• **TASK OBJECTIVE**
In the entries below, which lines run from the one containing "apply/seteqP; split => x /=." to the one containing "by apply: (within_comp_continuous (affine_continuous (a := -1)"? Copy exactly those lines, ends included, and no others.

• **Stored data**
Lemma path_homotopic_box (W : set X) a b c d (K : R * R -> X) (g1 h1 g2 h2 : R -> R) :
  {within box a b c d, continuous K} -> (forall z, box a b c d z -> W (K z)) ->
  continuous g1 -> continuous h1 -> continuous g2 -> continuous h2 ->
  (forall s, I01 s -> a <= g1 s <= b /\ c <= h1 s <= d) ->
  (forall s, I01 s -> a <= g2 s <= b /\ c <= h2 s <= d) ->
  g1 0 = g2 0 -> h1 0 = h2 0 -> g1 1 = g2 1 -> h1 1 = h2 1 ->
  path_homotopic W (fun s => K (g1 s, h1 s)) (fun s => K (g2 s, h2 s)).
Proof.
move=> cK KW cg1 ch1 cg2 ch2 gh1 gh2 e0 f0 e1 f1.
split; first exact: is_path_box cK KW cg1 ch1 gh1.
split; first exact: is_path_box cK KW cg2 ch2 gh2.
pose F z := (g1 z.1 + (g2 z.1 - g1 z.1) * z.2, h1 z.1 + (h2 z.1 - h1 z.1) * z.2).
have FB z : (I01 `*` I01) z -> box a b c d (F z).
  case: z => s t [/= Is It]; have [? ?] := gh1 s Is; have [? ?] := gh2 s Is.
  by split; apply: segment_in.
exists (K \o F); split.
  by apply: (within_comp_continuous _ FB cK); apply: pair_continuous; apply: interp_continuous.
split; first by move=> z /FB /KW.
by split; [|split; [|split]] => ? _; rewrite /F /= -?e0 -?f0 -?e1 -?f1;
  congr (K (_, _)); ring.
Qed.

Definition segpath (K : R * R -> X) (x y x' y' : R) : R -> X :=
  fun s => K (x + (x' - x) * s, y + (y' - y) * s).

Lemma is_path_segpath (W : set X) a b c d (K : R * R -> X) x y x' y' :
  {within box a b c d, continuous K} -> (forall z, box a b c d z -> W (K z)) ->
  box a b c d (x, y) -> box a b c d (x', y') -> is_path W (segpath K x y x' y').
Proof.
move=> cK KW [/= ? ?] [/= ? ?].
apply: (is_path_box cK KW (affine_continuous (a := x) (b := x' - x))
                           (affine_continuous (a := y) (b := y' - y))).
by move=> s Is; split; apply: segment_in.
Qed.

Lemma path_concat_l (p q : R -> X) s : s <= 2^-1 -> path_concat p q s = p (2 * s).
Proof. by move=> h; rewrite /path_concat h. Qed.

Lemma path_concat_r (p q : R -> X) s : p 1 = q 0 -> 2^-1 <= s ->
  path_concat p q s = q (2 * s - 1).
Proof.
move=> e h; rewrite /path_concat; case: ifP => // h'.
have -> : s = 2^-1 by apply/eqP; rewrite eq_le h' h.
by rewrite mulfV ?pnatr_eq0 // subrr.
Qed.

Lemma path_concat0 (p q : R -> X) : path_concat p q 0 = p 0.
Proof. by rewrite path_concat_l ?mulr0 // invr_ge0 ler0n. Qed.

Lemma path_concat1 (p q : R -> X) : p 1 = q 0 -> path_concat p q 1 = q 1.
Proof.
move=> e; rewrite path_concat_r //; last by rewrite invf_le1 ?ler1n ?ltr0n.
by congr q; rewrite mulr1 (_ : 2 = 1 + 1) // addrK.
Qed.

Lemma path_concat_continuous (p q : R -> X) : {within I01, continuous p} ->
  {within I01, continuous q} -> p 1 = q 0 ->
  {within I01, continuous (path_concat p q)}.
Proof.
move=> cp cq e.
have -> : I01 = [set x : R | 0 <= x <= 2^-1] `|` [set x : R | 2^-1 <= x <= 1].
  apply/seteqP; split => x /=.
    by move=> /andP[? ?]; case: (leP x 2^-1) => h; [left | right];
      apply/andP; split => //; exact: ltW.
  by case=> /andP[? ?]; apply/andP; split; lra.
apply: withinU_continuous; try exact: segment_closed.
  apply: (subspace_eq_continuous (f := p \o (fun s => 0 + 2 * s))).
    by move=> s /set_mem /= /andP[_ s1]; rewrite /from_subspace /= path_concat_l // add0r.
  by apply: (within_comp_continuous (affine_continuous (a := 0) (b := 2))) cp => s /andP[? ?] /=;
    apply/andP; split; lra.
apply: (subspace_eq_continuous (f := q \o (fun s => -1 + 2 * s))).
  by move=> s /set_mem /= /andP[s0 _]; rewrite /from_subspace /= path_concat_r // addrC.
by apply: (within_comp_continuous (affine_continuous (a := -1) (b := 2))) cq => s /andP[? ?] /=;
  apply/andP; split; lra.
Qed.

Lemma path_concat_segpath (K : R * R -> X) x0 y0 x1 y1 x2 y2 :
  path_concat (segpath K x0 y0 x1 y1) (segpath K x1 y1 x2 y2) =
  (fun s => K (broken_line x0 x1 x2 s, broken_line y0 y1 y2 s)).
Proof.
apply: funext => s; rewrite /path_concat /segpath /broken_line.
case: leP => h.
  by rewrite (max_idPr _) ?subr_le0 //; congr (K (_, _)); ring.
by rewrite (max_idPl _) ?subr_ge0 ?(ltW h) //; congr (K (_, _)); field.
Qed.

(* The restriction of p to [a, b], reparametrized by [0, 1]. *)
Definition subpath (p : R -> X) (a b : R) : R -> X := segpath (p \o fst) a 0 b 0.

Lemma subpath01 p : subpath p 0 1 = p.
Proof. by apply: funext => s; rewrite /subpath /segpath /=; congr p; ring. Qed.

Lemma fst_comp_continuous (p : R -> X) a b c d : {within I01, continuous p} ->
  0 <= a -> b <= 1 -> {within box a b c d, continuous (p \o fst)}.
Proof.
move=> cp a0 b1; apply: (within_comp_continuous _ _ cp) => [z|z [/= /andP[? ?] _]].
  exact: cvg_fst.
by apply/andP; split; lra.
Qed.

Lemma is_path_subpath (W : set X) (p : R -> X) a b : {within I01, continuous p} ->
  0 <= a -> a <= b -> b <= 1 -> (forall s, a <= s <= b -> W (p s)) ->
  is_path W (subpath p a b).
Proof.
move=> cp a0 ab b1 pW.
apply: (is_path_segpath (a := a) (b := b) (c := 0) (d := 0)).
- exact: fst_comp_continuous.
- by move=> z [/= ? _]; apply: pW.
- by split; rewrite /= ?lexx ?ab.
- by split; rewrite /= ?lexx ?ab.
Qed.

(** * Cocycles on paths in a rectangle *)

Lemma cocycle_sub (W W' Y Y' : set X) u : W `<=` W' ->
  W `&` Y `<=` W' `&` Y' -> cocycle W' Y' u -> cocycle W Y u.
Proof.
move=> WW' WY [u1 [uh uc]]; split; first by move=> p pY; apply/u1/(is_path_sub WY).
split; first by move=> p q h; apply/uh/(path_homotopic_sub WW').
by move=> p q pp pq e; apply: uc => //; apply: is_path_sub WW' _.
Qed.

Lemma cohomologous_sub (W W' Y Y' : set X) u v : W `<=` W' ->
  W `&` Y `<=` W' `&` Y' -> cohomologous W' Y' u v -> cohomologous W Y u v.
Proof.
move=> WW' WY [c [c1 h]]; exists c; split; last by move=> p /(is_path_sub WW') /h.
by move=> x Wx Yx; have [? ?] := WY x (conj Wx Yx); apply: c1.
Qed.

Section Cocycle.
Variables (W Y : set X) (u : (R -> X) -> G).
Hypothesis cu : cocycle W Y u.

Lemma cocycle_ext (p q : R -> X) :
  is_path W p -> (forall s, I01 s -> p s = q s) -> u p = u q.
Proof.
move=> pp pq; have [cp pW] := pp; have [_ [uh _]] := cu; apply: uh.
split=> //; split; first exact: is_path_ext pp pq.
exists (p \o fst); split.
  by apply: (within_comp_continuous _ _ cp) => [z|z []]; [exact: cvg_fst|].
split; first by move=> z [? _]; apply: pW.
by do 2 (split; first by move=> s Is; rewrite /= ?pq).
Qed.

Section Box.
Variables (a b c d : R) (K : R * R -> X).
Hypotheses (cK : {within box a b c d, continuous K})
           (KW : forall z, box a b c d z -> W (K z)).

Lemma cocycle_segpath_cst x y : box a b c d (x, y) -> u (segpath K x y x y) = one.
Proof.
move=> bxy; have [_ [_ uc]] := cu; have P := is_path_segpath cK KW bxy bxy.
apply: (mulgI (u (segpath K x y x y))); rewrite mulg1 -uc //.
  by congr u; apply: funext => s; rewrite /path_concat /segpath; case: ifP => _;
    congr (K (_, _)); ring.
by rewrite /segpath; congr (K (_, _)); ring.
Qed.

(* Both sides are values on two-edge paths with the same ends in the convex box, which
   are homotopic there. *)
Lemma cocycle_box x0 y0 x1 y1 x2 y2 q r :
  box a b c d (x0, y0) -> box a b c d (x1, y1) -> box a b c d (x2, y2) ->
  box a b c d (q, r) ->
  mul (u (segpath K x0 y0 x1 y1)) (u (segpath K x1 y1 x2 y2)) =
  mul (u (segpath K x0 y0 q r)) (u (segpath K q r x2 y2)).
Proof.
move=> b0 b1 b2 bq; have [_ [uh uc]] := cu.
have ends x y x' y' x'' y'' : segpath K x y x' y' 1 = segpath K x' y' x'' y'' 0.
  by rewrite /segpath; congr (K (_, _)); ring.
rewrite -!uc ?ends //; try exact: is_path_segpath.
rewrite !path_concat_segpath; apply: uh.
move: b0 b1 b2 bq => [/= ? ?] [/= ? ?] [/= ? ?] [/= ? ?].
apply: (path_homotopic_box cK KW); rewrite ?broken_line0 ?broken_line1 //;
  try exact: broken_line_continuous.
all: by move=> s Is; split; apply: broken_line_in.
Qed.

End Box.

Lemma cocycle_subpath_split (p : R -> X) a b c : {within I01, continuous p} ->
  0 <= a -> a <= b -> b <= c -> c <= 1 -> (forall s, a <= s <= c -> W (p s)) ->
  u (subpath p a c) = mul (u (subpath p a b)) (u (subpath p b c)).
Proof.
move=> cp a0 ab bc c1 pW.
have cK := fst_comp_continuous (c := 0) (d := 0) cp a0 c1.
have KW z : box a c 0 0 z -> W ((p \o fst) z) by case: z => [? ?] [/= ? _]; apply: pW.
have bx x : a <= x <= c -> box a c 0 0 (x, 0) by move=> ?; split; rewrite //= lexx.
have ac : a <= c := le_trans ab bc.
rewrite (cocycle_box cK KW (bx a _) (bx b _) (bx c _) (bx c _)) ?lexx ?ab ?bc ?ac //.
by rewrite (cocycle_segpath_cst cK KW (bx c _)) ?lexx ?ac // mulg1.
Qed.

Lemma cocycle_subpath_divpt (p : R -> X) a b m : {within I01, continuous p} ->
  (0 < m)%N -> 0 <= a -> a <= b -> b <= 1 -> (forall s, a <= s <= b -> W (p s)) ->
  u (subpath p a b) =
  (\prod_(0 <= i < m) u (subpath p (divpt a b m i) (divpt a b m i.+1)))%g.
Proof.
move=> cp m0 a0 ab b1 pW.
suff H k : (k <= m)%N -> u (subpath p a (divpt a b m k)) =
  (\prod_(0 <= i < k) u (subpath p (divpt a b m i) (divpt a b m i.+1)))%g.
  by rewrite -H // divptm.
elim: k => [_|k IH km].
  have cK := fst_comp_continuous (c := 0) (d := 0) cp a0 b1.
  rewrite big_geq // divpt0 (cocycle_segpath_cst cK) //.
    by move=> z [/= ? _]; apply: pW.
  by split; rewrite /= ?lexx ?ab.
have /andP[? ?] := divpt_in m0 ab (ltnW km).
have /andP[? ?] := divpt_in m0 ab km.
rewrite big_nat_recr //= -IH ?(ltnW km) //; apply: cocycle_subpath_split => //.
- by rewrite divpt_le.
- by apply: le_trans b1.
- by move=> s /andP[? ?]; apply: pW; apply/andP; split; lra.
Qed.

End Cocycle.

(** * Lebesgue number of an open cover of the square *)

Lemma nbhs_square (x : R * R) (S : set (R * R)) : nbhs x S ->
  exists2 e : R, 0 < e & forall w, `|x.1 - w.1| < e -> `|x.2 - w.2| < e -> S w.
Proof.
case=> -[A B] /= [/nbhs_ballP[e1 e1p h1] /nbhs_ballP[e2 e2p h2]] AB.
exists (Num.min e1 e2) => [|w w1 w2]; first by rewrite lt_min e1p e2p.
apply: AB; split; [apply: h1 | apply: h2]; rewrite -ball_normE /ball_ /=.
  by apply: lt_le_trans w1 _; rewrite ge_min lexx.
by apply: lt_le_trans w2 _; rewrite ge_min lexx orbT.
Qed.

Lemma nbhs_square_near (x : R * R) (e : R) : 0 < e ->
  nbhs x [set w : R * R | `|x.1 - w.1| < e /\ `|x.2 - w.2| < e].
Proof.
move=> e0; exists ([set w | `|x.1 - w| < e], [set w | `|x.2 - w| < e]) => /=; last by move=> w [].
by split; apply/nbhs_ballP; exists e => //= w; rewrite -ball_normE.
Qed.
(* Let $\mathcal{D}$ be a complex vector space and let $\mathfrak{t},\mathfrak{w}$ be sesquilinear forms on $\mathcal{D}$ such that $\mathfrak{w}\geq 0$ and $M_l(\mathfrak{t})\neq\varnothing$. Then $\mathfrak{t}=\mathfrak{t}_{lr}+\mathfrak{t}_{ls}$, where $\mathfrak{t}_{lr}$ is a $\mathfrak{w}$-left regular sesquilinear form on $\mathcal{D}$ and $\mathfrak{t}_{ls}$ is a $\mathfrak{w}$-left strongly singular sesquilinear form on $\mathcal{D}$.
   Context: A sesquilinear form on $\mathcal{D}$ is a map $\mathfrak{t}:\mathcal{D}\times\mathcal{D}\to\mathbb{C}$, linear in the first and anti-linear in the second variable; write $\mathfrak{t}[f]=\mathfrak{t}(f,f)$. It is non-negative ($\mathfrak{t}\geq0$) if $\mathfrak{t}[f]\geq 0$ for all $f$. For non-negative forms $\mathfrak{u},\mathfrak{w}$ on $\mathcal{D}$: $\mathfrak{u}$ is $\mathfrak{w}$-absolutely continuous if whenever $\{f_n\}\subset\mathcal{D}$ satisfies $\mathfrak{w}[f_n]\to0$ and $\mathfrak{u}[f_n-f_m]\to0$ (as $n,m\to\infty$), then $\mathfrak{u}[f_n]\to0$; $\mathfrak{u}$ is $\mathfrak{w}$-singular if for every $f\in\mathcal{D}$ there is $\{f_n\}\subset\mathcal{D}$ with $\mathfrak{w}[f_n]\to0$ and $\mathfrak{u}[f-f_n]\to0$. For a sesquilinear form $\mathfrak{t}$, $M_l(\mathfrak{t})$ denotes the set of non-negative forms $\mathfrak{s}_1$ on $\mathcal{D}$ for which there exists a non-negative form $\mathfrak{s}_2$ on $\mathcal{D}$ with $|\mathfrak{t}(f,g)|\leq \mathfrak{s}_1[f]^{1/2}\mathfrak{s}_2[g]^{1/2}$ for all $f,g\in\mathcal{D}$. $\mathfrak{t}$ is $\mathfrak{w}$-left regular if some $\mathfrak{s}_1\in M_l(\mathfrak{t})$ is $\mathfrak{w}$-absolutely continuous, and $\mathfrak{w}$-left strongly singular if some $\mathfrak{s}_1\in M_l(\mathfrak{t})$ is $\mathfrak{w}$-singular. *)

From HB Require Import structures.
From mathcomp Require Import all_boot all_order all_algebra.
From mathcomp Require Import reals.
From mathcomp Require Import complex.
Set Implicit Arguments. Unset Strict Implicit. Unset Printing Implicit Defensive.
Import Order.TTheory GRing.Theory Num.Theory.
Local Open Scope ring_scope.
Local Open Scope complex_scope.

Section Forms.
Variables (R : realType) (D : lmodType R[i]).

Definition sesquilinear (t : D -> D -> R[i]) : Prop :=
  (forall (a : R[i]) (f g h : D), t (a *: f + g) h = a * t f h + t g h) /\
  (forall (a : R[i]) (f g h : D), t f (a *: g + h) = a^* * t f g + t f h).

Definition nonneg_form (t : D -> D -> R[i]) : Prop :=
  sesquilinear t /\ forall f : D, 0 <= t f f.

Definition cvg0 (u : nat -> R[i]) : Prop :=
  forall e : R, 0 < e -> exists N : nat, forall n : nat, (N <= n)%N -> `|u n| < e%:C.

Definition cauchy_form (u : D -> D -> R[i]) (fs : nat -> D) : Prop :=
  forall e : R, 0 < e -> exists N : nat, forall n m : nat, (N <= n)%N -> (N <= m)%N ->
    `|u (fs n - fs m) (fs n - fs m)| < e%:C.

Definition abs_continuous (u w : D -> D -> R[i]) : Prop :=
  forall fs : nat -> D, cvg0 (fun n => w (fs n) (fs n)) -> cauchy_form u fs ->
    cvg0 (fun n => u (fs n) (fs n)).

Definition form_singular (u w : D -> D -> R[i]) : Prop :=
  forall f : D, exists fs : nat -> D,
    cvg0 (fun n => w (fs n) (fs n)) /\ cvg0 (fun n => u (f - fs n) (f - fs n)).

Definition Ml (t s1 : D -> D -> R[i]) : Prop :=
  nonneg_form s1 /\ exists s2 : D -> D -> R[i], nonneg_form s2 /\
    forall f g : D, `|t f g| <= sqrtC (s1 f f) * sqrtC (s2 g g).

Definition left_regular (t w : D -> D -> R[i]) : Prop :=
  exists s1, Ml t s1 /\ abs_continuous s1 w.

Definition left_strongly_singular (t w : D -> D -> R[i]) : Prop :=
  exists s1, Ml t s1 /\ form_singular s1 w.

End Forms.

(* Let s be a form in M_l(t), say |t(f,g)|^2 <= s[f] s2[g].  The w-regular part
   of s is described by its quadratic form
     qreg f = sup_{e > 0} inf { s[f - g] | w[g] < e },
   the limit of s[f - q_k] along minimizing sequences (q_k), for which
   w[q_k] -> 0.  By the parallelogram law minimizing sequences are s-Cauchy and
   any two of them are s-asymptotic; by a variational argument f - q_k is
   asymptotically s-orthogonal to w-null, s-bounded sequences, so that they
   depend linearly on f.  Hence for every sesquilinear u with
   |u(x,g)|^2 <= s[x] U(g) the limit u_s(f,g) = lim_k u(q_k, g) is a
   sesquilinear form with |u_s(f,g)|^2 <= (s[f] - qreg f) U(g) and
   |u(f,g) - u_s(f,g)|^2 <= qreg f U(g).  For u = t this splits t as
   (t - t_s) + t_s, dominated on the left by s - s_s and by s_s.  The form
   s - s_s has quadratic form qreg, which is w-absolutely continuous because
   qreg is stable under w-small perturbations, while
   s_s[f - q_k] = s[f - q_k] - qreg (f - q_k) -> 0 makes s_s w-singular. *)

From HB Require Import structures.
From mathcomp Require Import all_boot all_order all_algebra.
From mathcomp Require Import reals complex.
From mathcomp Require Import classical_sets boolp interval_inference.
From mathcomp Require Import topology normedtype.
From mathcomp Require Import ring lra.
From Stdlib Require Import ClassicalEpsilon.
Import Order.TTheory GRing.Theory Num.Theory Normc.
Import numFieldNormedType.Exports.
Set Implicit Arguments. Unset Strict Implicit. Unset Printing Implicit Defensive.
Local Open Scope ring_scope.
Local Open Scope complex_scope.
Local Open Scope classical_set_scope.
Local Notation Re := complex.Re.
Local Notation Im := complex.Im.

Section ComplexModulus.
Variable R : rcfType.
Implicit Types (x : R) (z : R[i]).

Lemma ReB y z : Re (y - z) = Re y - Re z.
Proof. by case: y; case: z. Qed.

Lemma ImB y z : Im (y - z) = Im y - Im z.
Proof. by case: y; case: z. Qed.

Lemma normc_ge0 z : 0 <= normc z.
Proof. by case: z => a b; apply: sqrtr_ge0. Qed.

Lemma normc_sqr z : normc z ^+ 2 = Re z ^+ 2 + Im z ^+ 2.
Proof. by case: z => a b; rewrite /= sqr_sqrtr // addr_ge0 ?sqr_ge0. Qed.

Lemma normC_normc z : `|z| = (normc z)%:C.
Proof. by rewrite normc_def; case: z. Qed.

Lemma normc_real x : normc x%:C = `|x|.
Proof. by rewrite /= expr0n addr0 sqrtr_sqr. Qed.

Lemma conj_complex (a b : R) : (a +i* b)^*%R = a +i* (- b).
Proof. by []. Qed.

Lemma conj_real x : (x%:C)^*%R = x%:C.
Proof. by rewrite conj_complex oppr0. Qed.

Lemma normc_Re z : `|Re z| <= normc z.
Proof.
rewrite -(@ler_pXn2r _ 2) ?nnegrE ?normc_ge0 // real_normK ?num_real //.
by rewrite normc_sqr lerDl sqr_ge0.
Qed.

Lemma normc_Im z : `|Im z| <= normc z.
Proof.
rewrite -(@ler_pXn2r _ 2) ?nnegrE ?normc_ge0 // real_normK ?num_real //.
by rewrite normc_sqr lerDr sqr_ge0.
Qed.

Lemma normc_le_Re_Im z : normc z <= `|Re z| + `|Im z|.
Proof.
rewrite -(@ler_pXn2r _ 2) ?nnegrE ?normc_ge0 ?addr_ge0 // normc_sqr.
rewrite sqrrD !real_normK ?num_real // -addrA lerD2l lerDr.
by rewrite mulrn_wge0 // mulr_ge0.
Qed.

Lemma Re_realM x z : Re (x%:C * z) = x * Re z.
Proof. by case: z => a b /=; ring. Qed.

Lemma Re_conj_scaleM x z : Re ((x%:C * z)^*%R * z) = x * normc z ^+ 2.
Proof.
rewrite normc_sqr; case: z => a b.
have -> : x%:C * (a +i* b) = (x * a) +i* (x * b) by simpc.
by rewrite conj_complex /=; ring.
Qed.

• **YOUR SOLUTION**
  apply/seteqP; split => x /=.
    by move=> /andP[? ?]; case: (leP x 2^-1) => h; [left | right];
      apply/andP; split => //; exact: ltW.
  by case=> /andP[? ?]; apply/andP; split; lra.
apply: withinU_continuous; try exact: segment_closed.
  apply: (subspace_eq_continuous (f := p \o (fun s => 0 + 2 * s))).
    by move=> s /set_mem /= /andP[_ s1]; rewrite /from_subspace /= path_concat_l // add0r.
  by apply: (within_comp_continuous (affine_continuous (a := 0) (b := 2))) cp => s /andP[? ?] /=;
    apply/andP; split; lra.
apply: (subspace_eq_continuous (f := q \o (fun s => -1 + 2 * s))).
  by move=> s /set_mem /= /andP[s0 _]; rewrite /from_subspace /= path_concat_r // addrC.
by apply: (within_comp_continuous (affine_continuous (a := -1) (b := 2))) cq => s /andP[? ?] /=;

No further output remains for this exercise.